BrowserCouch is CouchDb for browsers

BrowserCouch Documentation

BrowserCouch is an attempt at an in-browser MapReduce implementation. It's written entirely in JavaScript and intended to work on all browsers, gracefully upgrading when support for better efficiency or feature set is detected.

Not coincidentally, this library is intended to mimic the functionality of CouchDB on the client-side, and may even support integration with CouchDB in the future.

Why?

This prototype is intended as a response to Vladimir Vukićević's blog post entitled HTML5 Web Storage and SQL. A CouchDB-like API seems like a nice solution to persistent storage on the Web because so many of its semantics are delegated out to the JavaScript language, which makes it potentially easy to standardize. Furthermore, the MapReduce paradigm also naturally takes advantage of multiple processor cores—something that is increasingly common in today's computing devices.

Things to do

To learn how to use BrowserCouch, check out the work-in-progress tutorial.
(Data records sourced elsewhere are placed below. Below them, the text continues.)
(* If $\widetilde\alpha^{[+2]}$ is a smooth spin-$+2$-weighted function satisfying $\mathfrak T^{[+2]}\widetilde\alpha^{[+2]}=0$, then $$\big(\mathcal L^{[+2]}(\mathcal L^{[+2]}-2)-12M\partial_t\big)\widetilde\alpha^{[+2]}=w^2(w^{-1}L)(w^{-1}L)(w^{-1}\underline L)(w^{-1}\underline L)\widetilde\alpha^{[+2]}.$$ If $\widetilde\alpha^{[-2]}$ is a smooth spin-$-2$-weighted function satisfying $\mathfrak T^{[-2]}\widetilde\alpha^{[-2]}=0$, then $$\big(\mathcal L^{[-2]}(\mathcal L^{[-2]}-2)+12M\partial_t\big)\widetilde\alpha^{[-2]}=w^2(w^{-1}\underline L)(w^{-1}\underline L)(w^{-1}L)(w^{-1}L)\widetilde\alpha^{[-2]}.$$
   Context: Fix $M>0$, $k>0$; $\Delta(r)=r^2+k^2r^4-2Mr$, $w:=\Delta/r^4$. On the Schwarzschild–AdS exterior with metric $-(1+k^2r^2-\frac{2M}{r})dt^2+(1+k^2r^2-\frac{2M}{r})^{-1}dr^2+r^2(d\vartheta^2+\sin^2\vartheta d\varphi^2)$, let $r^\star$ be given by $dr^\star/dr=r^2/\Delta$, $r^\star(\infty)=\pi/2$; $L=\partial_t+\partial_{r^\star}$, $\underline L=\partial_t-\partial_{r^\star}$, $w'=dw/dr^\star$; $(w^{-1}L)$ denotes the operator $\phi\mapsto w^{-1}L\phi$ and products denote compositions. $-\mathcal{L}^{[\pm2]}:=\frac{1}{\sin\vartheta}\partial_\vartheta(\sin\vartheta\partial_\vartheta)+\frac{1}{\sin^2\vartheta}\partial_\varphi^2\pm4i\frac{\cos\vartheta}{\sin^2\vartheta}\partial_\varphi-4\cot^2\vartheta-4$ on spin $\pm2$ functions. Teukolsky operators: $\mathfrak T^{[+2]}\phi=-L\underline L\phi+2\frac{w'}{w}\underline L\phi-w(\mathcal L^{[+2]}-2+\frac{6M}{r})\phi$, $\mathfrak T^{[-2]}\phi=-L\underline L\phi-2\frac{w'}{w}L\phi-w(\mathcal L^{[-2]}-2+\frac{6M}{r})\phi$. *)

From Stdlib Require Import Reals List.
From Coquelicot Require Import Coquelicot.
Open Scope R_scope.

(** Functions on the Boyer–Lindquist-type chart (t, r, theta, phi) of the
    Schwarzschild–AdS exterior, complex valued (spin-weighted functions are
    represented by their component in this chart). *)
Definition SWFun := R -> R -> R -> R -> C.

Definition Delta (M k r : R) : R := r ^ 2 + k ^ 2 * r ^ 4 - 2 * M * r.
Definition wfun (M k r : R) : R := Delta M k r / r ^ 4.
(** dr*/dr = r^2/Delta, hence  d/dr* = (Delta/r^2) d/dr. *)
Definition drsdr_inv (M k r : R) : R := Delta M k r / r ^ 2.
Definition wprime (M k r : R) : R := drsdr_inv M k r * Derive (wfun M k) r.

(** The exterior region {r > r_+} (for r > 0, Delta > 0 iff r > r_+),
    with theta in the open coordinate range (0, pi). *)
Definition exterior (M k : R) (t r th ph : R) : Prop :=
  0 < r /\ 0 < Delta M k r /\ 0 < th < PI.

(** Coordinate partial derivatives: index 0 = t, 1 = r, 2 = theta, 3 = phi. *)
Definition slice (i : nat) (F : SWFun) (t r th ph : R) : R -> C :=
  fun s => match i with
           | O => F s r th ph
           | 1%nat => F t s th ph
           | 2%nat => F t r s ph
           | _ => F t r th s
           end.
Definition coord (i : nat) (t r th ph : R) : R :=
  match i with O => t | 1%nat => r | 2%nat => th | _ => ph end.

Definition pd (i : nat) (F : SWFun) : SWFun := fun t r th ph =>
  (Derive (fun s => Re (slice i F t r th ph s)) (coord i t r th ph),
   Derive (fun s => Im (slice i F t r th ph s)) (coord i t r th ph)).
Aside from that, you can run the test suite and the semi-large data set test, though they're not particularly exciting. In the future, we'd like to make CouchDB's Futon client work entirely using BrowserCouch as its backend instead of a CouchDB server, but that's a ways away.

If you'd like to see more code samples of what the BrowserCouch API currently looks like, check out the annotated source code for the test suite. You can also read the primary source code documentation for more on BrowserCouch's implementation.

This is really awesome. I thought about doing this, but figured it was a massive undertaking. I'm glad someone's doing it. CouchDb's replication features (while not implemented yet in BrowserCouch), is something to really look forward to, especially if it's available for mobile browsers.